Modulation of dynamic aggregation in fluorogenic SNAP‐tag probes for long‐term super‐resolution imaging

The combination of super-resolution microscopy and synthetic fluorescence probes has emerged as a universal tool to monitor dynamic biological events at the nanometer scale. However, the limited site-specificity and fluorogenicity of synthetic fluorescent probes make it still difficult to realize long-term super-resolution imaging. Herein, we introduce a dynamic aggregation mediated SNAP-tag fluorogenic probe, BGAN-Aze, which can specifically bind to various SNAP-tag fusion proteins with 41-fold fluorescence enhancement.
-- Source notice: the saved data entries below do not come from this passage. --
Fact eps_is_zmod_morphism : zmod_morphism eps.
Proof. by move=> a b; rewrite /eps modpD modpN coefD coefN. Qed.
HB.instance Definition _ :=
  GRing.isZmodMorphism.Build {poly F} F eps eps_is_zmod_morphism.

Lemma eps_sum (I : Type) (r : seq I) (P : pred I) (f : I -> {poly F}) :
  eps (\sum_(i <- r | P i) f i) = \sum_(i <- r | P i) eps (f i).
Proof. exact: raddf_sum. Qed.

Lemma epsZ c p : eps (c *: p) = c * eps p.
Proof. by rewrite /eps modpZl coefZ. Qed.

Lemma eps_eqm a b : eqm a b -> eps a = eps b.
Proof. by move=> ab; rewrite /eps (eqm_modp ab). Qed.

Lemma eps_dvd p : N %| p -> eps p = 0.
Proof. by move=> Np; rewrite /eps (modp_eq0 Np) coef0. Qed.

Lemma eps_Xn k : eps 'X^k = ((k %% m)%N == 0%N)%:R.
Proof. by rewrite /eps modp_xm1_Xn coefXn eq_sym. Qed.

Lemma poly_sumX (p : {poly F}) : (size p <= m)%N -> p = \sum_(j < m) p`_j *: 'X^j.
Proof. by move=> le_pm; rewrite -poly_def -{1}(take_poly_id le_pm). Qed.

Lemma eps_XnM k (p : {poly F}) :
  (size p <= m)%N -> eps ('X^k * p) = p`_((m - k %% m) %% m).
Proof.
move=> le_pm; rewrite {1}(poly_sumX le_pm) mulr_sumr eps_sum.
have lt_jm : ((m - k %% m) %% m < m)%N by rewrite ltn_pmod.
rewrite (bigD1 (Ordinal lt_jm)) //= big1 => [|j neq_j].
  by rewrite addr0 -scalerAr -exprD epsZ eps_Xn modn_addr_eq0 // eqxx mulr1.
rewrite -scalerAr -exprD epsZ eps_Xn modn_addr_eq0 //.
rewrite (_ : _ == _ = false) ?mulr0 //.
by apply: contraNF neq_j => /eqP eq_j; apply/eqP/val_inj.
Qed.

Lemma hermitian_sum_eps (a b : {poly F}) : (size a <= m)%N -> (size b <= m)%N ->
  \sum_(i < m) a`_i ^+ q * b`_i = eps (tau a * b).
Proof.
move=> le_am le_bm; rewrite {2}(poly_sumX le_am) rmorph_sum mulr_suml eps_sum.
apply: eq_bigr => i _; rewrite tauZ tau_Xn -scalerAl epsZ eps_XnM //.
by rewrite muln_predm_mod // modn_oppK.
Qed.

Lemma dvd_xm1_eps (p : {poly F}) : (forall k, eps ('X^k * p) = 0) -> N %| p.
Proof.
move=> eps_p; apply/modp_eq0P/polyP => j; rewrite coef0.
have [ltjm|lemj] := ltnP j m; last by apply: (leq_sizeP _ _ (size_red p)).
have := eps_p (m - j)%N.
rewrite -(eps_eqm (eqmM (eqm_refl 'X^(m - j)) (eqm_mod p))).
by rewrite eps_XnM ?size_red // modn_oppK.
Qed.

(** * Codewords of D3 and of its Hermitian dual *)

Definition cword (a1 a2 : {poly F}) : 'rV[F]_(m + m) :=
  row_mx (cvec m (red m a1)) (cvec m (red m a2)).

Lemma cword_rV (w : 'rV[F]_(m + m)) :
  w = cword (rVpoly (lsubmx w)) (rVpoly (rsubmx w)).
Proof.
rewrite /cword /red !modp_small ?size_xm1 ?ltnS ?size_poly //.
rewrite /cvec -[\row_i _]/(poly_rV _) -[\row_i (rVpoly _)`_i]/(poly_rV _).
by rewrite !rVpolyK hsubmxK.
Qed.

Lemma cvec_red_inj a b : cvec m (red m a) = cvec m (red m b) -> eqm a b.
Proof.
move=> /(congr1 rVpoly); rewrite !poly_rV_K ?size_red // /red => Eab.
by apply: eqm_trans (eqm_sym (eqm_mod a)) _; rewrite Eab eqm_mod.
Qed.
Definition extremal_filtration n := atom_algebra (tail n.+1).

Lemma filtration_extremal : filtration extremal_filtration.
Proof.
split=> [n|n]; first by split=> //; exact: sigma_algebra_atom.
by apply: atom_algebra_le => k; rewrite /tail /=; lia.
Qed.

Section extremal_martingale.
Variables (R : realType) (f g : nat -> R).
Hypothesis f_nd : {homo f : m n / (m <= n)%N >-> m <= n}.
Hypothesis g_nd : {homo g : m n / (m <= n)%N >-> m <= n}.
Hypothesis f0_g0 : - f 0%N < g 0%N.
Variable m : R.
Hypotheses (m_ge : - f 0%N <= m) (m_le : m <= g 0%N).

Let s n := if n is k.+1 then survival f g m k else 1.

Let s_decr n : s n.+1 <= s n.
Proof.
case: n => [|n] /=; first exact: survival0_le1.
exact: survival_nonincreasing.
Qed.

Let s_cvg : s @ \oo --> survival_lim f g m.
Proof. by rewrite -cvg_shiftS; exact: survival_cvg. Qed.

Definition extremal_prob : probability nat R :=
  tele_prob s_decr s_cvg (survival_lim_ge0 f_nd g_nd f0_g0 m_le) erefl.

Local Notation P := extremal_prob.

(* State 0 never reaches the barrier; state j.+1 sits at -f n for n < j,
   reaches the barrier at time j and stays at g j afterwards. *)
Definition extremal_process n (k : nat) : R :=
  if (k == 0%N) || (n.+1 < k)%N then - f n else g k.-1.

Local Notation M := extremal_process.

Lemma extremal_process_tail n k : tail n.+1 k -> M n k = - f n.
Proof. by rewrite /extremal_process => ->. Qed.

Lemma extremal_process_ge n k : - f n <= M n k.
Proof.
rewrite /extremal_process; case: ifPn => // _.
have f0n : - f n <= - f 0%N by rewrite lerN2 f_nd.
by apply: le_trans f0n (le_trans (ltW f0_g0) (g_nd (leq0n k.-1))).
Qed.

Lemma extremal_process_le n k : M n k <= g n.
Proof.
rewrite /extremal_process; case: ifPn => [_|/norP[_ kn]]; last by apply: g_nd; lia.
by have := gf_gt0 f_nd g_nd f0_g0 n; lra.
Qed.

Lemma extremal_integrable n A : P.-integrable A (EFin \o M n).
Proof.
apply: (@le_integrable _ _ _ P A I _ (EFin \o cst (`|f n| + `|g n|))) => //.
- move=> x _ /=; rewrite lee_fin [leRHS]ger0_norm ?addr_ge0 // ler_norml.
  have := extremal_process_ge n x; have := extremal_process_le n x.
  have := ler_norm (f n); have := ler_norm (g n); have := normr_ge0 (g n).
  have := normr_ge0 (f n); lra.
- exact: finite_measure_integrable_cst.
Qed.

Lemma extremal_process_stopped n j : (j <= n)%N -> M n j.+1 = g j.
Proof. by move=> jn; rewrite /extremal_process /= ltnS ltnNge jn. Qed.

Let w := tele_weight s (survival_lim f g m).

Let P_set1 j : fine (P [set j]) = w j.
Proof. by rewrite tele_probE tele_measure1. Qed.

Let P_tail n : fine (P (tail n)) = s n.
Proof. by rewrite tele_probE tele_measure_tail. Qed.

Let Rintegral_const A (X : nat -> R) c : (forall k, A k -> X k = c) ->
  \int[P]_(k in A) X k = c * fine (P A).
Proof.
by move=> Xc; rewrite -Rintegral_cst //; apply: eq_Rintegral => k /set_mem /Xc.
Qed.

Lemma extremal_Rintegral_step n :
  \int[P]_(k in tail n.+1) M n.+1 k = \int[P]_(k in tail n.+1) M n k.
Proof.
rewrite [RHS](Rintegral_const (c := - f n)); last exact: extremal_process_tail.
have dj : [disjoint [set n.+2] & tail n.+2].
  by apply/disj_set2P/seteqP; split=> // k [/= ->]; rewrite /tail /= ltnn.
rewrite [in LHS]tailE Rintegral_setU -?tailE //; last exact: extremal_integrable.
rewrite (Rintegral_const (c := g n.+1)); last first.
  by move=> k ->; exact: extremal_process_stopped.
rewrite (Rintegral_const (c := - f n.+1)); last exact: extremal_process_tail.
rewrite !P_set1 !P_tail /= -/(survival f g m n.+1) -/(survival f g m n) /=.
have := survivalS f_nd g_nd f0_g0 m n; nra.
Qed.

Lemma martingale_extremal : martingale P extremal_filtration M.
Proof.
apply: Rintegral_eq_martingale.
- exact: filtration_extremal.
- move=> n B _; apply: atom_algebra_preimage; exact: extremal_process_tail.
- by move=> n; exact: extremal_integrable.
move=> n A FA; apply: atom_algebra_Rintegral_eq FA => //;
  [exact: extremal_integrable..| |exact: extremal_Rintegral_step].
case=> [|j]; rewrite /tail /=; first by move/(_ isT).
by move=> /negP jn; rewrite !extremal_process_stopped //; lia.
Qed.

Lemma expect_extremal : expect P (M 0%N) = m.
Proof.
have setTE : [set: nat] = [set 1%N] `|` tail 1.
  by rewrite -tailE; apply/seteqP; split=> // -[|k].
have dj : [disjoint [set 1%N] & tail 1].
  by apply/disj_set2P/seteqP; split=> // k [/= ->].
have -> : expect P (M 0%N) = \int[P]_(k in [set 1%N] `|` tail 1) M 0%N k.
  by rewrite -setTE.
rewrite Rintegral_setU -?setTE //; last exact: extremal_integrable.
rewrite (Rintegral_const (c := g 0%N)); last first.
  by move=> k ->; exact: extremal_process_stopped.
rewrite (Rintegral_const (c := - f 0%N)); last exact: extremal_process_tail.
rewrite !P_set1 P_tail /=.
have := survival0 f_nd g_nd f0_g0 m; nra.
Qed.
The equilibrium between the non-fluorescent aggregate/dimer (A-D) and the fluorescent monomer (M) of BGAN-Aze acts as an effective method to reduce the fluorescence background and endow BGAN-Aze with the capability of conducting washing-free super-resolution imaging of various intracellular and extracellular proteins. Using this probe, we monitored multiple dynamic biological events, such as MMC, mitophagy, the fusion of nucleolus, and the growth and contact of filopodia. We expect that BGAN-Aze will become a widely used SNAP-tag for super-resolution imaging of dynamic biological events and the A-D-M equilibrium can be a general strategy for designing fluorogenic probes.